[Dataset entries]
[Start of Attachment]
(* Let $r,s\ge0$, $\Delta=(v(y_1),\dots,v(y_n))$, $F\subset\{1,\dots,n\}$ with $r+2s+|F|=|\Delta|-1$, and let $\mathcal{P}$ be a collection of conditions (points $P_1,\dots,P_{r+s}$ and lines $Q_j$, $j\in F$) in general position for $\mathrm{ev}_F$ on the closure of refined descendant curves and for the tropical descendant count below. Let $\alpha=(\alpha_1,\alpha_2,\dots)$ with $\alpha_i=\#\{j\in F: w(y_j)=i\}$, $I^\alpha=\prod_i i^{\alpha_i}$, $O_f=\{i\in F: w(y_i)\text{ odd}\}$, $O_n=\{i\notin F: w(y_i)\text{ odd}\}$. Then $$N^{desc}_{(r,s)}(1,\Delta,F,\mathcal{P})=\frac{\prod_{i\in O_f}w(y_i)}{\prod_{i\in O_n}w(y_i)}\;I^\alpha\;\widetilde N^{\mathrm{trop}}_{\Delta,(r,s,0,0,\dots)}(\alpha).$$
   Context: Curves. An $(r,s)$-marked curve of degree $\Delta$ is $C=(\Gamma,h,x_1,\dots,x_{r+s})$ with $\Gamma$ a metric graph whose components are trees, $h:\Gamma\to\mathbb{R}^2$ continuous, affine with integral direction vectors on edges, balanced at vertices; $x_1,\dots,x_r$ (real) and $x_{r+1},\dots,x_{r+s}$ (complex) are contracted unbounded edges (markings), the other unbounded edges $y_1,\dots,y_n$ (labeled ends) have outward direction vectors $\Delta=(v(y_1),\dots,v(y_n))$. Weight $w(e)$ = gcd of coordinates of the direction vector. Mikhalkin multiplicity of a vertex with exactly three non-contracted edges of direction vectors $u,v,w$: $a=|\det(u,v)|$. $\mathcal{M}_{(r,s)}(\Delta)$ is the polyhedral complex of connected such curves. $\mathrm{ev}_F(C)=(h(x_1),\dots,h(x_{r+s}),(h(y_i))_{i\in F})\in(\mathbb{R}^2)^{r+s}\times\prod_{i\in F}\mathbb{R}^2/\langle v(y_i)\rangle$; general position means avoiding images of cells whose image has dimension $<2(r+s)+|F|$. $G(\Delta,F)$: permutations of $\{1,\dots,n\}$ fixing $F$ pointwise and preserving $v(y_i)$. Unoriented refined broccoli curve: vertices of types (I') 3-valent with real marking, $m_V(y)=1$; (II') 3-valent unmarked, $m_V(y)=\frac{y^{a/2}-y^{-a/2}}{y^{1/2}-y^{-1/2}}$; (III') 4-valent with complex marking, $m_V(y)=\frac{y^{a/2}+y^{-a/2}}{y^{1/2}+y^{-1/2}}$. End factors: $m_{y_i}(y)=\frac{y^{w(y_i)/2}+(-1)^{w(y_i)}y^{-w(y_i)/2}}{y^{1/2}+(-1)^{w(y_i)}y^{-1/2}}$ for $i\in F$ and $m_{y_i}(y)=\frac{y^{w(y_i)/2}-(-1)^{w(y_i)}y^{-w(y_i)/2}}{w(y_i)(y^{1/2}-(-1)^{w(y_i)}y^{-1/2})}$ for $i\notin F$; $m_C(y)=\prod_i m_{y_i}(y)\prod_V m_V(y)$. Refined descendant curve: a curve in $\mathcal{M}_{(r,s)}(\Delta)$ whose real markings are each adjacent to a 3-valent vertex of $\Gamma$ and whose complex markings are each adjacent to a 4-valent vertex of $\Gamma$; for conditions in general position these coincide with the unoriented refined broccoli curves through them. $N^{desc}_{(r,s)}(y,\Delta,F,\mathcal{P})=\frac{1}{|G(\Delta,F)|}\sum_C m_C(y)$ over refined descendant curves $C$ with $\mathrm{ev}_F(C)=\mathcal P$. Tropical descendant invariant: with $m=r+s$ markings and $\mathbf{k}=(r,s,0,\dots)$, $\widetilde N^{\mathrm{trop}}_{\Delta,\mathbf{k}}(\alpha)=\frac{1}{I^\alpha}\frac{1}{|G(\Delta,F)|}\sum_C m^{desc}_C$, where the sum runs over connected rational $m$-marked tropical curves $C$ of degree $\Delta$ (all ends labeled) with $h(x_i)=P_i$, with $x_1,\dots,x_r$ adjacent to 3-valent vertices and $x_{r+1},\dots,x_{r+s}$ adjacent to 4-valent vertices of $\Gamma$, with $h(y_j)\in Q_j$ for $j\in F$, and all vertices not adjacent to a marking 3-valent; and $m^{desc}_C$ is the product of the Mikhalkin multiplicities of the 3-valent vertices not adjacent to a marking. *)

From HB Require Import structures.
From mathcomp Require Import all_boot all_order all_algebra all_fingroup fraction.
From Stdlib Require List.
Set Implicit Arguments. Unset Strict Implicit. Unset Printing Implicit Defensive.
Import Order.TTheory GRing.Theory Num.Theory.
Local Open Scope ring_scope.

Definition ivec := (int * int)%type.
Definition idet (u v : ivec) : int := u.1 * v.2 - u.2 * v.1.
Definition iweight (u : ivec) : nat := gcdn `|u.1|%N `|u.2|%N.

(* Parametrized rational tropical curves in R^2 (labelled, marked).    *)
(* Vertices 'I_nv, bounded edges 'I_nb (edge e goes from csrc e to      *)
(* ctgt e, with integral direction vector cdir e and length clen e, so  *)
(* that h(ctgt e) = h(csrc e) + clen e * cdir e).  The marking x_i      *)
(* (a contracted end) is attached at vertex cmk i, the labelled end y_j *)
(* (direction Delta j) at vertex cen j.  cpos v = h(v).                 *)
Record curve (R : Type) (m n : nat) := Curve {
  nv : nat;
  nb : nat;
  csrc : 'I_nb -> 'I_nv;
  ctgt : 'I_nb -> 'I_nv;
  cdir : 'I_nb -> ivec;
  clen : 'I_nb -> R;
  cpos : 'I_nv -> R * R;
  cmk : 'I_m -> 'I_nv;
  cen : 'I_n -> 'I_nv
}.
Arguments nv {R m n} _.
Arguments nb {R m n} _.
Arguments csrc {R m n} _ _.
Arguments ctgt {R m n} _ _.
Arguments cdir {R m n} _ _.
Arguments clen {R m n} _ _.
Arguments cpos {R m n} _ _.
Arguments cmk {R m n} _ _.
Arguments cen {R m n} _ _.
[End of Attachment]
[Start of Attachment]
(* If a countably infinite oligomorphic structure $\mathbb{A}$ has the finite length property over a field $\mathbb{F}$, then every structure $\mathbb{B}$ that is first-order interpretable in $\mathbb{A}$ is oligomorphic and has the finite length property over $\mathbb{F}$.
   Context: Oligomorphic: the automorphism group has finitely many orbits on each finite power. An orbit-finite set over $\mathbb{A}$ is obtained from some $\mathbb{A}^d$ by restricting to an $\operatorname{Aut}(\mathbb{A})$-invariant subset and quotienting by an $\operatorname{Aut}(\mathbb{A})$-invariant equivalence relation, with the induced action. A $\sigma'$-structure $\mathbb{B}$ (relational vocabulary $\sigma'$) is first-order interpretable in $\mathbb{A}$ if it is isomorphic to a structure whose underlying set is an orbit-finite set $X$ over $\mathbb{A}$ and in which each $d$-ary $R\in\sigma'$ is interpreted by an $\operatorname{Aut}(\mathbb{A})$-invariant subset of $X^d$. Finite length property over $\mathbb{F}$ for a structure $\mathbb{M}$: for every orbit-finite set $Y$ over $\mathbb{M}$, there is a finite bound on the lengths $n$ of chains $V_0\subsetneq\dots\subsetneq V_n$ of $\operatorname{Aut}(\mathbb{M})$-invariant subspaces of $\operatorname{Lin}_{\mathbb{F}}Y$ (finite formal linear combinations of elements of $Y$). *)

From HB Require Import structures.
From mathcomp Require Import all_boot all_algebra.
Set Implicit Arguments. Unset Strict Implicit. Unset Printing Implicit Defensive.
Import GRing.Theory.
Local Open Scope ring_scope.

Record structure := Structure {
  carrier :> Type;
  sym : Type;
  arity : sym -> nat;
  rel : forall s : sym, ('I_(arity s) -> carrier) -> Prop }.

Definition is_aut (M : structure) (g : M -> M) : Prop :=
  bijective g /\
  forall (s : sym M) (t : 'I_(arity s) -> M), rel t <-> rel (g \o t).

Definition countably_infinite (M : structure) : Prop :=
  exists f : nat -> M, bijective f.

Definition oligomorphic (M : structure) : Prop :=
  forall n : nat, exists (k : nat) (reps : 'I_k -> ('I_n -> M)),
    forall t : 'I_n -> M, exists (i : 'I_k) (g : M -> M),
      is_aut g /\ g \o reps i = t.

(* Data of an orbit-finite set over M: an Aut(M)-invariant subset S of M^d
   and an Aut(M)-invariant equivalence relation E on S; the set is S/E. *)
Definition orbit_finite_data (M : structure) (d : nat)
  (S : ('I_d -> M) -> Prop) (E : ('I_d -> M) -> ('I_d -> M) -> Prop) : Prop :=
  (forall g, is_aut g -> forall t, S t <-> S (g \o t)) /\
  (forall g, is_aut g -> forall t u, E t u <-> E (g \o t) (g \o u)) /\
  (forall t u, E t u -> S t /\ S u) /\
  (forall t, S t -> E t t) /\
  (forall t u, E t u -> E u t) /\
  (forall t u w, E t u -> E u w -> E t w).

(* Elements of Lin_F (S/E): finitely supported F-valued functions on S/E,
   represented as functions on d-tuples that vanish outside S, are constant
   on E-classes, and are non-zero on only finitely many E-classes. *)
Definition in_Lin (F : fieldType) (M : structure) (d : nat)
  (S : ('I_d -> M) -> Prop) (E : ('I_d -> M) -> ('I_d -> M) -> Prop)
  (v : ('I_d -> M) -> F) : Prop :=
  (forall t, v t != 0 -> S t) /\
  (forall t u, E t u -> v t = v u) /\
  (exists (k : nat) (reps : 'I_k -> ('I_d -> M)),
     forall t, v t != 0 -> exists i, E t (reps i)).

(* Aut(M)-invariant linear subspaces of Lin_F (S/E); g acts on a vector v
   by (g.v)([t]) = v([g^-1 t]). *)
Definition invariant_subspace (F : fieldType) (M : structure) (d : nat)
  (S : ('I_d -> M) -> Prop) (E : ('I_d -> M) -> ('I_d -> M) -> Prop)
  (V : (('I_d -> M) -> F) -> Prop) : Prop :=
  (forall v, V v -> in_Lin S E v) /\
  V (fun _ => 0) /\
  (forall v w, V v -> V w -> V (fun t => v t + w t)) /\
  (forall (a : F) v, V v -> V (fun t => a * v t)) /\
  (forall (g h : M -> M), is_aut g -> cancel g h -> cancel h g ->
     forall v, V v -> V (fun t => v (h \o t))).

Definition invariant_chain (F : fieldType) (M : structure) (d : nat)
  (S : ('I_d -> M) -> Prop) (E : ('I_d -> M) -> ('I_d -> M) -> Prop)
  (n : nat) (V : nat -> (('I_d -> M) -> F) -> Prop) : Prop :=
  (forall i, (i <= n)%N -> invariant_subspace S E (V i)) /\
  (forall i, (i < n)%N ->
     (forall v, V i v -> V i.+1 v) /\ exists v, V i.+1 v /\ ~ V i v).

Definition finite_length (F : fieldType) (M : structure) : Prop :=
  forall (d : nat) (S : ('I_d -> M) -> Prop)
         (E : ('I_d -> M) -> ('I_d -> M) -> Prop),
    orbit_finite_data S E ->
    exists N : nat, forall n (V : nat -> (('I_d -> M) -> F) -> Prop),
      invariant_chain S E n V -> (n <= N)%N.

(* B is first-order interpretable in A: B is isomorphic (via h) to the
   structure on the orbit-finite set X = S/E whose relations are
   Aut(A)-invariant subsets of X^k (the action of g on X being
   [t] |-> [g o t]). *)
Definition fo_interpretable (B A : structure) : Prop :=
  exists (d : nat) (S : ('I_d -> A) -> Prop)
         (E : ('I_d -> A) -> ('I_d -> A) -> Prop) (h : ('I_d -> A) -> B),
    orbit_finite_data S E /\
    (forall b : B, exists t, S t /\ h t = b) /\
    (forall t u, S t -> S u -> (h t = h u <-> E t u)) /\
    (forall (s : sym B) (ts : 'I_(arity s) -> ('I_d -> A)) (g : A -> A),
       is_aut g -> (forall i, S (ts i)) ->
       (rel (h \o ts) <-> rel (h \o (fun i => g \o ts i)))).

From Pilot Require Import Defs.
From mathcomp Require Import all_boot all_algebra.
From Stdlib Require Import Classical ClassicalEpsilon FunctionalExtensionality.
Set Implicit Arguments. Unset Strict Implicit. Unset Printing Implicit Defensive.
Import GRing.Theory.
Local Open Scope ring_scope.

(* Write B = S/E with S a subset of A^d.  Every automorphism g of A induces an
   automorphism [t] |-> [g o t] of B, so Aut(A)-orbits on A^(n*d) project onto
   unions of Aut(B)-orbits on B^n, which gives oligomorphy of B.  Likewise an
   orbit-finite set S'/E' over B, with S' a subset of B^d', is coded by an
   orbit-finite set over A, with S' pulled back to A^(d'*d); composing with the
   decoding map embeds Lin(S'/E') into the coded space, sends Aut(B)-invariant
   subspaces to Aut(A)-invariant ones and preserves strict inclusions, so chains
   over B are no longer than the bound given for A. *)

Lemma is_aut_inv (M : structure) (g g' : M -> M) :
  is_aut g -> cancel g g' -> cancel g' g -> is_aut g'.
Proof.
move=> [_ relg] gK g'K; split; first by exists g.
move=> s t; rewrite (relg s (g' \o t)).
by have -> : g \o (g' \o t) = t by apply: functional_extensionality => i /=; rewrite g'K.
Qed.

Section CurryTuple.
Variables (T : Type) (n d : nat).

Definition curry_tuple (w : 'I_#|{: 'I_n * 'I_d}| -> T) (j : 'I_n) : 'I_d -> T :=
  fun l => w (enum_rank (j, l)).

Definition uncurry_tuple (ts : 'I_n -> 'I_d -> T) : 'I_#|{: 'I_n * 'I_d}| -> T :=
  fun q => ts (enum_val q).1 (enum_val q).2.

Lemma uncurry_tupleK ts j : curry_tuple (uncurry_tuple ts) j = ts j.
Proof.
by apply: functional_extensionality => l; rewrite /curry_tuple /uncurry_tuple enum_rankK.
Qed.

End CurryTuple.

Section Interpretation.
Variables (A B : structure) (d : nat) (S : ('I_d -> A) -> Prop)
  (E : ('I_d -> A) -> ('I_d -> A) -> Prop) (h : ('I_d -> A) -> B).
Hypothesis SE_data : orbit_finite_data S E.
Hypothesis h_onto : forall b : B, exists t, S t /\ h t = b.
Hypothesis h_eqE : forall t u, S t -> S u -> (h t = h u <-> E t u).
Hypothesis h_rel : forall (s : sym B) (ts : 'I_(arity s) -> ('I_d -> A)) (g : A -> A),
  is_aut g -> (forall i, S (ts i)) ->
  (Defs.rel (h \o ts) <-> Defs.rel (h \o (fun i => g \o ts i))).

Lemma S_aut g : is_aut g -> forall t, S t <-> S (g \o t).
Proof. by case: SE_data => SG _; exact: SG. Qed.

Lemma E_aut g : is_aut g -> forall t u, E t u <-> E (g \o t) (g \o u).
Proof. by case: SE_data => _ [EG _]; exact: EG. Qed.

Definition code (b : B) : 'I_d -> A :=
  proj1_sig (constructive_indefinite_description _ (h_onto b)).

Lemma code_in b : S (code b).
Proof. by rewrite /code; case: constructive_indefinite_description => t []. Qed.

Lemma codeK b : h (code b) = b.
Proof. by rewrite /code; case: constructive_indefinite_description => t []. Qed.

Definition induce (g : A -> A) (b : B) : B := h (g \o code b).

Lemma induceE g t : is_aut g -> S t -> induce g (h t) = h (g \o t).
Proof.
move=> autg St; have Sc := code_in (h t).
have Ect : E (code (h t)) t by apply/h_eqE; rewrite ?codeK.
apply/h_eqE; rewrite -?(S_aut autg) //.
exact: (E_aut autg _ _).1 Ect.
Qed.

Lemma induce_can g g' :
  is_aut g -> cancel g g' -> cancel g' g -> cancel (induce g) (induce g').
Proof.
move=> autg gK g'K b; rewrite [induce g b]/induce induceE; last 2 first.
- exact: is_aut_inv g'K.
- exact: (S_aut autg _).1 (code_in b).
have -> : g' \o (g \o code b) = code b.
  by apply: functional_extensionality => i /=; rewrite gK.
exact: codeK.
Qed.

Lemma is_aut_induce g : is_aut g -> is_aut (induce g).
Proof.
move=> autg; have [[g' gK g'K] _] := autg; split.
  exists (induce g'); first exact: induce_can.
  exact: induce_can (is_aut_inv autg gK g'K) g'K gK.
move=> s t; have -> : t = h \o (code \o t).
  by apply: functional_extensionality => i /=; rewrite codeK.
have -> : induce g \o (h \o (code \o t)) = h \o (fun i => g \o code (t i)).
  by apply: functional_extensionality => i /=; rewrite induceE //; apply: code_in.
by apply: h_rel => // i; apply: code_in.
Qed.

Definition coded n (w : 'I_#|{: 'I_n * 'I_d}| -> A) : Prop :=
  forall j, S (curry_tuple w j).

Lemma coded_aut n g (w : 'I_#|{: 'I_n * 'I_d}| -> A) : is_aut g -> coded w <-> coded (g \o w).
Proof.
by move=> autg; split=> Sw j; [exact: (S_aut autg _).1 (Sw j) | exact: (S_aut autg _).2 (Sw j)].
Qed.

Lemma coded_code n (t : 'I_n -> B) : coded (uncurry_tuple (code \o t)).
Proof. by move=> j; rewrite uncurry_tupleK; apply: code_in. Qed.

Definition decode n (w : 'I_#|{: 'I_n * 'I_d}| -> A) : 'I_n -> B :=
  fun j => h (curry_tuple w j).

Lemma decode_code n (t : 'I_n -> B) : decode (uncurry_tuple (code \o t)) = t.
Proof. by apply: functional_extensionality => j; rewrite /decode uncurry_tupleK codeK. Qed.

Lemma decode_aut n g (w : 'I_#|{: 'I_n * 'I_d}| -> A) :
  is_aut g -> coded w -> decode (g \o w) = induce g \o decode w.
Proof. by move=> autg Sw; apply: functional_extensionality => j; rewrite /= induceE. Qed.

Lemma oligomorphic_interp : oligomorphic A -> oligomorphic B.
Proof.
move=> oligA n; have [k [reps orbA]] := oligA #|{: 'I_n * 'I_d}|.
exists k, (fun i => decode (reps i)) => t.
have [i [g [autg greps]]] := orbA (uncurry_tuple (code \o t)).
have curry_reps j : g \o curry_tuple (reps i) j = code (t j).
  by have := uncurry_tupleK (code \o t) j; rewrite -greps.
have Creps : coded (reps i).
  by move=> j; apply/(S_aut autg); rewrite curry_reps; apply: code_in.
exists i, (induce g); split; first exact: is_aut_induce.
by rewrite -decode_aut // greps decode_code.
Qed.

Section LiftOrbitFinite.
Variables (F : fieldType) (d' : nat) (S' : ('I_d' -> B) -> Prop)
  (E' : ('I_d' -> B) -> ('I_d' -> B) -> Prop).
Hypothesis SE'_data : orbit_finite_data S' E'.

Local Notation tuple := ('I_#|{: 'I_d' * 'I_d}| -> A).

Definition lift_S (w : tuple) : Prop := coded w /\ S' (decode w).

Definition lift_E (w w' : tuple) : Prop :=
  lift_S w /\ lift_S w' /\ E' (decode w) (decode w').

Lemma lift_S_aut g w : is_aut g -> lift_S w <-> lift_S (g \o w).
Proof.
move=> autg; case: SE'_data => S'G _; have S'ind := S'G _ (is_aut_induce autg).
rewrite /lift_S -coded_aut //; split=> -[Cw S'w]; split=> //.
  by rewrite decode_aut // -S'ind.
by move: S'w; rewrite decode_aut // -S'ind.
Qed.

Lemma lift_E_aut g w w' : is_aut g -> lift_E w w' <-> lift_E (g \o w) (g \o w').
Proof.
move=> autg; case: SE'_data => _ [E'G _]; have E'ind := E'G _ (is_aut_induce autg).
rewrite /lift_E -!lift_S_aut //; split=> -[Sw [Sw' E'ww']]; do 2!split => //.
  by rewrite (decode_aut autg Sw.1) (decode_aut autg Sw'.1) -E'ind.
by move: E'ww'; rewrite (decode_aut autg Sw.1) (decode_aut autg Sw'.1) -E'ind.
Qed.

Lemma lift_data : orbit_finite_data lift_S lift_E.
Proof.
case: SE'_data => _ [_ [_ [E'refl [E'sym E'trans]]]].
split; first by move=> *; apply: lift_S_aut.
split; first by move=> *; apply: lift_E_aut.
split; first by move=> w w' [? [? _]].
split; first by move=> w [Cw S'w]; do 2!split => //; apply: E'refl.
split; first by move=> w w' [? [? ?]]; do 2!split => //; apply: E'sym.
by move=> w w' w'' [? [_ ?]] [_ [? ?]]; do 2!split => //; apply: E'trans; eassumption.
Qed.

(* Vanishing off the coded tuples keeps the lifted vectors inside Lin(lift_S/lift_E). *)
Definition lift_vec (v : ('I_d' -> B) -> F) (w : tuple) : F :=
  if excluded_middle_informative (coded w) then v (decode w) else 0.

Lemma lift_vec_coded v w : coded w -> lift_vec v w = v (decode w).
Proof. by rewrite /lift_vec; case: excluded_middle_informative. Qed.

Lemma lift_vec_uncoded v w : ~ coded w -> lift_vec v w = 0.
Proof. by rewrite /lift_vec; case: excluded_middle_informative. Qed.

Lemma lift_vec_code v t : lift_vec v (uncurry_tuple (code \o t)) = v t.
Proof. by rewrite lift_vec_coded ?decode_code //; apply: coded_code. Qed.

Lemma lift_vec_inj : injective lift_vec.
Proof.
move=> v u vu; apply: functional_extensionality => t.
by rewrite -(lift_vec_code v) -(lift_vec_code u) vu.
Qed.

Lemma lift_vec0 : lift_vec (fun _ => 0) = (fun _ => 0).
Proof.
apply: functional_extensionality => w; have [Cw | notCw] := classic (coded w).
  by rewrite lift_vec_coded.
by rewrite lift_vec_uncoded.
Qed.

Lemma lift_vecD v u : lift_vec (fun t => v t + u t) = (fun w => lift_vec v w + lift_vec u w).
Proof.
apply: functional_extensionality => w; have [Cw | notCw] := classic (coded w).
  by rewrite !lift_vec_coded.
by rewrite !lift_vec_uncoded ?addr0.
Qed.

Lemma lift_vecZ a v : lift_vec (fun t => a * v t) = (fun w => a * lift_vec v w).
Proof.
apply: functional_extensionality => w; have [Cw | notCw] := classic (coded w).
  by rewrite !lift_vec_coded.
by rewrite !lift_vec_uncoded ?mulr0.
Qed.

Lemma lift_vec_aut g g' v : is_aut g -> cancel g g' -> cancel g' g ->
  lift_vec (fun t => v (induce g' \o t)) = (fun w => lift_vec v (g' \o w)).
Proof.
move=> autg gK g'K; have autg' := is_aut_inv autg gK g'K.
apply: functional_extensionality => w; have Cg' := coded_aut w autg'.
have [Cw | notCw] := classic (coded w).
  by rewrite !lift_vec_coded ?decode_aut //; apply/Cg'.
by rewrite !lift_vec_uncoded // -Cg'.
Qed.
[End of Attachment]
**Problem details**
The required output is the stretch of entries above from the line containing "by move: E'ww';" through the line containing "split; first by move=> w [Cw", reproduced exactly.

**Answer to the exercise**
by move: E'ww'; rewrite (decode_aut autg Sw.1) (decode_aut autg Sw'.1) -E'ind.
Qed.

Lemma lift_data : orbit_finite_data lift_S lift_E.
Proof.
case: SE'_data => _ [_ [_ [E'refl [E'sym E'trans]]]].
split; first by move=> *; apply: lift_S_aut.
split; first by move=> *; apply: lift_E_aut.
split; first by move=> w w' [? [? _]].
split; first by move=> w [Cw S'w]; do 2!split => //; apply: E'refl.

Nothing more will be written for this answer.